# PowerMadd Handguards with Wrap-Arounds



## Y2DJ (Apr 19, 2009)

I was PM'd today by someone wantring to see how I mounted my handguards. I tried writing them back but for some reason I couldn't attach a pic. So I will apologize in advance if there are already posts for this. But I did say I would get these pics to him. So anyhoo here they are.

I did have to adjust the controls for my winch and my rear brake, I can't remember if I did anything of the throttle side to make them for or not.

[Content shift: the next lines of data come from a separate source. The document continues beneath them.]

(* Let $G$ be a connected graph on $n\ge2$ vertices labeled so that $\mathbb{M}_1\ge\mathbb{M}_2\ge\cdots\ge\mathbb{M}_n$, where $\mathbb{M}_i=\frac{\sum_{j=1}^n d_{ij}\mathbb{D}_j}{\mathbb{D}_i}$. Let $N=\max_{1\le i,j\le n}d_{ij}\mathbb{D}_j/\mathbb{D}_i$. Then for $1\le i\le n$, \[\rho(\mathbb{D}(G))\le \frac{\mathbb{M}_i-N+\sqrt{(\mathbb{M}_i+N)^2+4N\sum_{k=1}^{i-1}(\mathbb{M}_k-\mathbb{M}_i)}}{2}.\] Equality holds if and only if $\mathbb{M}_1=\cdots=\mathbb{M}_n$, or for some $2\le t\le i$: (i) $d_{kl}\mathbb{D}_l/\mathbb{D}_k=N$ for all $1\le k\le n$, $1\le l\le t-1$, $k\ne l$; (ii) $\mathbb{M}_t=\cdots=\mathbb{M}_n$.
   Context: $\mathbb{D}(G)=(d_{ij})$ is the distance matrix of $G$; $\mathbb{D}_i=\sum_j d_{ij}$ is the transmission of $v_i$; $\mathbb{M}_i$ is the average transmission; $\rho$ is the spectral radius. An empty sum equals $0$. *)

(* Numbers live in algC (algebraic complex numbers), so that
   every eigenvalue of the (real symmetric) distance matrix exists. *)
From HB Require Import structures.
From mathcomp Require Import all_boot all_order all_algebra all_field.
Set Implicit Arguments. Unset Strict Implicit. Unset Printing Implicit Defensive.
Import Order.TTheory GRing.Theory Num.Theory.
Local Open Scope ring_scope.

Definition simple_graph (n : nat) (adj : rel 'I_n) : Prop :=
  symmetric adj /\ irreflexive adj.

Definition connected_graph (n : nat) (adj : rel 'I_n) : Prop :=
  forall i j : 'I_n, connect adj i j.

Definition walk_of_length (n : nat) (adj : rel 'I_n) (i j : 'I_n) (k : nat) : bool :=
  [exists p : k.-tuple 'I_n, path adj i p && (last i p == j)].

(* Shortest-path distance d_{ij}: the least k < n admitting a walk of length k
   (in a connected graph on n vertices such a k always exists). *)
Definition dist (n : nat) (adj : rel 'I_n) (i j : 'I_n) : nat :=
  find (walk_of_length adj i j) (iota 0 n).

Definition dist_mx (n : nat) (adj : rel 'I_n) : 'M[algC]_n :=
  \matrix_(i, j) (dist adj i j)%:R.

Definition transmission (n : nat) (adj : rel 'I_n) (i : 'I_n) : nat :=
  (\sum_(j < n) dist adj i j)%N.

Definition tratio (n : nat) (adj : rel 'I_n) (k l : 'I_n) : algC :=
  (dist adj k l * transmission adj l)%:R / (transmission adj k)%:R.

Definition avg_trans (n : nat) (adj : rel 'I_n) (i : 'I_n) : algC :=
  (\sum_(j < n) dist adj i j * transmission adj j)%:R / (transmission adj i)%:R.

(* N = max_{i,j} d_ij D_j / D_i  (all these values are nonnegative reals). *)
Definition Nmax (n : nat) (adj : rel 'I_n) : algC :=
  \big[Num.max/0]_(i < n) \big[Num.max/0]_(j < n) tratio adj i j.

(* The eigenvalues of A (with multiplicity): the roots of its characteristic
   polynomial, which splits over the algebraically closed field algC. *)
Definition eigenvalues (n : nat) (A : 'M[algC]_n) : seq algC :=
  sval (closed_field_poly_normal (char_poly A)).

I hope this helps you my friend. If not let me know and i'll take my cam to work tomorrow and take a few more shots for you.


----------



## Waddaman (Oct 3, 2010)

Mine are set up the exact same way, no your dont have to move the throttle just the rear brake/diff lock down a bit. I mounted my hand and thumb warmer controller on the bar holding the left hand gaurd


----------



## Y2DJ (Apr 19, 2009)

Waddaman said:


> Mine are set up the exact same way, no your dont have to move the throttle just the rear brake/diff lock down a bit. I mounted my hand and thumb warmer controller on the bar holding the left hand gaurd


 
Yeah I didn't think I had to move the throttle controls. I mounted my hand-thumb warmers underneath the digital gauge. I had it mounted a few days before I got the hand guards.


----------